The present application is directed to systems and methods for using a single search index to implement both full text search and search of queryable fields. Full text searching refers to searching for words within a preconfigured set of fields of documents. Search of queryable fields refers to searching for words within specific fields of documents. The systems and methods provide for organizing the single search index by words and by fields within words. By organizing the single search index in this manner, searches can be performed quickly and efficiently without unnecessary duplication of system resources.
The example server computer 106 includes a search processing module 108. Server computer 106 may be part of a server farm of multiple server computers. An example of a server computer that may be part of a server farm is the Microsoft SharePoint® Server 2010 collaboration server from Microsoft Corporation of Redmond, Wash.
The example database 110 stores one or more document that may be accessed via client computers 102, 104. The database 110 may be part of one or more server computers, for example server computer 106. In other embodiments the one or more server computers may store the one or more documents in lieu of database 110.

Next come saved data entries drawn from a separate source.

Lemma cell_energy_le : forall p k a b N c, (forall i, (i < p)%nat -> a i < b i) ->
  (forall i, (i < p)%nat -> (0 < N i)%nat) -> is_cell p N c ->
  forall (Dphi : mi -> pt -> R) P DP psi Dpsi,
  is_pn_poly p (2 * k + 1) P -> smooth_on p (cell_box p a b N c) P DP ->
  (forall al v, mi_le p k al -> is_vertex p a b N c v -> DP al v = Dphi al v) ->
  smooth_on p (cell_box p a b N c) psi Dpsi ->
  (forall al v, mi_le p k al -> is_vertex p a b N c v -> Dpsi al v = Dphi al v) ->
  integral p (cell_lo a b N c) (cell_hi a b N c) (fun x => (DP (beta p k) x) ^ 2) <=
  integral p (cell_lo a b N c) (cell_hi a b N c) (fun x => (Dpsi (beta p k) x) ^ 2).
Proof.
  intros p k a b N c hab hN hc Dphi P DP psi Dpsi [coef hcoef] sP vP sS vS.
  set (l := cell_lo a b N c) in *. set (u := cell_hi a b N c) in *.
  assert (hlt : forall i, (i < p)%nat -> l i < u i)
    by (intros i hi; apply (cell_bounds a b N c i); auto; apply (hc i); auto).
  change (cell_box p a b N c) with (box p l u) in *.
  rewrite !integral_lower_corner.
  pose proof sP as [p1 [p2 p3]]. destruct sS as [q1 [q2 q3]].
  apply (box_int_energy_le p l u hlt k DP Dpsi); auto.
  - intros al hr i hi hal x hx.
    rewrite (smooth_on_poly_deriv p l u hlt (2 * k + 1) coef P DP sP); auto.
    + apply poly_deriv_high with i; auto. lia.
    + intros y hy. rewrite poly_deriv_mi0. apply hcoef.
  - intros g x hg hx hv. rewrite vP, vS; auto.
    + intros i; split; intros hi; [apply hv; auto|apply (proj2 (hx i)); auto].
    + intros i; split; intros hi; [apply hv; auto|apply (proj2 (hx i)); auto].
  - apply box_lower_corner. intros; apply Rlt_le; auto.
Qed.

Lemma RInt_uniform_split : forall f a b N, a < b -> (0 < N)%nat -> cont_on a b f ->
  RInt f a b = fold_right Rplus 0 (map (fun j =>
    RInt f (a + INR j * ((b - a) / INR N)) (a + INR (S j) * ((b - a) / INR N))) (seq 0 N)).
Proof.
  intros f a b N hab hN hc.
  set (h := (b - a) / INR N).
  assert (hNr : 0 < INR N) by (apply lt_0_INR; auto).
  assert (hh : 0 < h) by (unfold h; apply Rdiv_lt_0_compat; lra).
  assert (hNh : INR N * h = b - a) by (unfold h; field; lra).
  assert (G : forall M, (M <= N)%nat -> RInt f a (a + INR M * h) =
     fold_right Rplus 0 (map (fun j => RInt f (a + INR j * h) (a + INR (S j) * h)) (seq 0 M))).
  { induction M; intros hM.
    - simpl. replace (a + 0 * h) with a by ring.
      assert (E := RInt_chasles f a a a (Rle_refl _) (Rle_refl _)
                     ltac:(eapply cont_on_sub; [| |apply hc]; lra)). lra.
    - rewrite seq_S, fold_plus_app, <- IHM by lia. cbn [map fold_right]. rewrite Nat.add_0_l.
      assert (INR (S M) <= INR N) by (apply le_INR; lia).
      assert (0 <= INR M) by apply pos_INR.
      rewrite S_INR in *.
      assert (0 <= INR M * h) by (apply Rmult_le_pos; lra).
      assert ((INR M + 1) * h <= INR N * h) by (apply Rmult_le_compat_r; lra).
      rewrite Rplus_0_r. symmetry.
      apply RInt_chasles; [nra|nra|apply (cont_on_sub a b); [lra|nra|exact hc]]. }
  rewrite <- G; auto. f_equal. rewrite hNh; ring.
Qed.

Lemma Riemann_integrable_fold_plus : forall (A : nat -> R -> R) a b l,
  (forall j, In j l -> Riemann_integrable (A j) a b) ->
  Riemann_integrable (fun t => fold_right Rplus 0 (map (fun j => A j t) l)) a b.
Proof.
  intros A a b l. induction l as [|j l IH]; intros H; simpl; [apply RiemannInt_P14|].
  apply Riemann_integrable_plus; [apply H; simpl; auto|].
  apply IH. intros; apply H; simpl; auto.
Qed.

Lemma RInt_fold_plus : forall (A : nat -> R -> R) a b l,
  (forall j, In j l -> Riemann_integrable (A j) a b) ->
  RInt (fun t => fold_right Rplus 0 (map (fun j => A j t) l)) a b =
  fold_right Rplus 0 (map (fun j => RInt (A j) a b) l).
Proof.
  intros A a b l. induction l as [|j l IH]; intros H; simpl; [apply RInt_zero|].
  rewrite RInt_plus, IH; auto; [intros; apply H; simpl; auto|apply H; simpl; auto|].
  apply Riemann_integrable_fold_plus. intros; apply H; simpl; auto.
Qed.

Lemma Riemann_integrable_msum : forall d N (F : mi -> R -> R) a b,
  (forall c, is_cell d N c -> Riemann_integrable (F c) a b) ->
  Riemann_integrable (fun t => msum d N (fun c => F c t)) a b.
Proof.
  induction d; intros N F a b H; simpl.
  - apply H. intros i; split; intros; [lia|auto].
  - apply (Riemann_integrable_fold_plus (fun j t => msum d N (fun c => F (mi_set c d j) t))).
    intros j hj. apply in_seq in hj. apply IHd.
    intros c hc. apply H. apply is_cell_mi_set; auto; lia.
Qed.

Lemma RInt_msum : forall d N (F : mi -> R -> R) a b,
  (forall c, is_cell d N c -> Riemann_integrable (F c) a b) ->
  RInt (fun t => msum d N (fun c => F c t)) a b = msum d N (fun c => RInt (F c) a b).
Proof.
  induction d; intros N F a b H; simpl; auto.
  rewrite (RInt_fold_plus (fun j t => msum d N (fun c => F (mi_set c d j) t))).
  - apply fold_plus_ext. intros j hj. apply in_seq in hj.
    apply IHd. intros c hc. apply H. apply is_cell_mi_set; auto; lia.
  - intros j hj. apply in_seq in hj. apply Riemann_integrable_msum.
    intros c hc. apply H. apply is_cell_mi_set; auto; lia.
Qed.

Section GridAdditivity.
Variable p : nat.
Variables a b : pt.
Variable N : nat -> nat.
Hypothesis hab : forall i, (i < p)%nat -> a i < b i.
Hypothesis hN : forall i, (i < p)%nat -> (0 < N i)%nat.
Variable g : pt -> R.
Hypothesis hg : cont_within p (box p a b) g.

Definition partial_cell_lo (d : nat) (c : mi) : pt :=
  fun i => if Nat.ltb i d then cell_lo a b N c i else a i.
Definition partial_cell_hi (d : nat) (c : mi) : pt :=
  fun i => if Nat.ltb i d then cell_hi a b N c i else b i.

Lemma cont_on_cell_int : forall d c x, (d < p)%nat -> is_cell d N c -> box p a b x ->
  cont_on (a d) (b d) (fun t => box_int d (cell_lo a b N c) (cell_hi a b N c) g (upd x d t)).
Proof.
  intros d c x hd hc hx.
  set (l := partial_cell_lo d c). set (u := partial_cell_hi d c).
  assert (hmix : forall i, (i < p)%nat -> l i <= u i /\ a i <= l i /\ u i <= b i).
  { intros i hi. unfold l, u, partial_cell_lo, partial_cell_hi. destruct (Nat.ltb_spec i d).
    - assert (hci : (c i < N i)%nat) by (apply (proj1 (hc i)); auto).
      destruct (cell_bounds a b N c i) as [h1 [h2 h3]]; auto. lra.
    - assert (a i < b i) by auto. lra. }
  assert (hlu : forall i, (i < p)%nat -> l i <= u i) by (intros; apply hmix; auto).
  assert (hg' : cont_within p (box p l u) g).
  { assert (sub : forall y, box p l u y -> box p a b y).
    { intros y hy i. destruct (hy i) as [h1 h2]. split; auto. intros hi.
      specialize (hmix i hi). specialize (h1 hi). lra. }
    intros y hy eps he. destruct (hg y (sub y hy) eps he) as [de [hde H]].
    exists de; split; auto. }
  set (x' := fun i => if Nat.ltb i d then l i else x i).
  assert (hx' : box p l u x').
  { intros i. unfold x'. destruct (Nat.ltb_spec i d); split; intros; try lia.
    - split; [lra|]. apply hmix; auto.
    - unfold l, u, partial_cell_lo, partial_cell_hi. destruct (Nat.ltb_spec i d); try lia.
      apply hx; auto.
    - apply hx; auto. }
  assert (L := cont_on_line p l u _ x' d (box_int_cont p l u hlu d g ltac:(lia) hg') hx' hd).
  replace (l d) with (a d) in L by (unfold l, partial_cell_lo; rewrite Nat.ltb_irrefl; auto).
  replace (u d) with (b d) in L by (unfold u, partial_cell_hi; rewrite Nat.ltb_irrefl; auto).
  replace (fun t => box_int d (cell_lo a b N c) (cell_hi a b N c) g (upd x d t))
    with (fun t => box_int d l u g (upd x' d t)); auto.
  apply functional_extensionality; intro t.
  rewrite (box_int_bounds_eq d l u (cell_lo a b N c) (cell_hi a b N c)).
  - apply box_int_base_eq. intros i hi. unfold upd, x'.
    destruct (Nat.eqb_spec i d); auto. destruct (Nat.ltb_spec i d); auto; lia.
  - intros i hi. unfold l, u, partial_cell_lo, partial_cell_hi.
    destruct (Nat.ltb_spec i d); try lia. auto.
Qed.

Client computers 102, 104 may access server computer 106 over a corporate Intranet or over the Internet. In examples, client computers 102, 104 may be part of a shared document management system such as the Microsoft SharePoint® document management system. In the shared document management system, one or more documents stored on server computer 106 or database 110 may be accessible by a user on client computer 102 or client computer 104.
When a user on client computer 102 needs to perform a search on the document management system, the user typically initiates an application including a user interface on client computer 102 and enters a search term in a query field of the user interface. The search term may be a word or a phrase that may be included in the one or more documents stored in the document management system. In examples, the user may request a full text search or the user may specify one or more fields in a document for which the search term may be located. For a full text search, the search term may be located anywhere in the document.
Documents may be structured to include identifiable parts or sections known as fields. Examples fields are titles, paragraph headings, sections of a document such as Abstract, Claims, Detailed Description, the full body of a document, etc. Other example fields are possible and other examples of sections are possible.
The example search processing module 108 receives search queries from client computers 102, 104 and performs a search of the document management system for documents containing the search queries. As shown in
During a search for a word or group of words, the word or group of words may be found in a plurality of documents. In examples, the ranking module 204 may rank search results in relation to a number of occurrences of the word or group of words in a document, the more hits per document, the higher the rank. Similarly, when searching for a word or group of words in a particular field, the ranking module may rank search results in relation to a number of occurrences of the word or group of words in the field in a document, the more occurrences of the word in the field of a document, the higher the rank. Other ways in which the ranking module 204 may rank documents include determining how close search terms are to each other in a document, the closer the search terms in the document, the higher the rank.
The word dictionary 302 includes index information for each word of the one or more words stored in the word dictionary 302. The index information provides mappings between each word of the one or more words and each field in which the word may occur for each document stored in the document management system. The mappings indicate the position in each document of each word in each field. In examples, instead of indicating the position in each document of each word in each field, the mappings may indicate only the frequency of occurrence for each word in each field of each document for which there is an occurrence of the word in the field of the document. In other examples, both types of mappings may be provided. One group of mappings may be provided to indicate the position of each word in each field and another group of mappings may be provided to indicate the frequency of occurrence for each word in each field of each document for which there is an occurrence of the word in the field of the document.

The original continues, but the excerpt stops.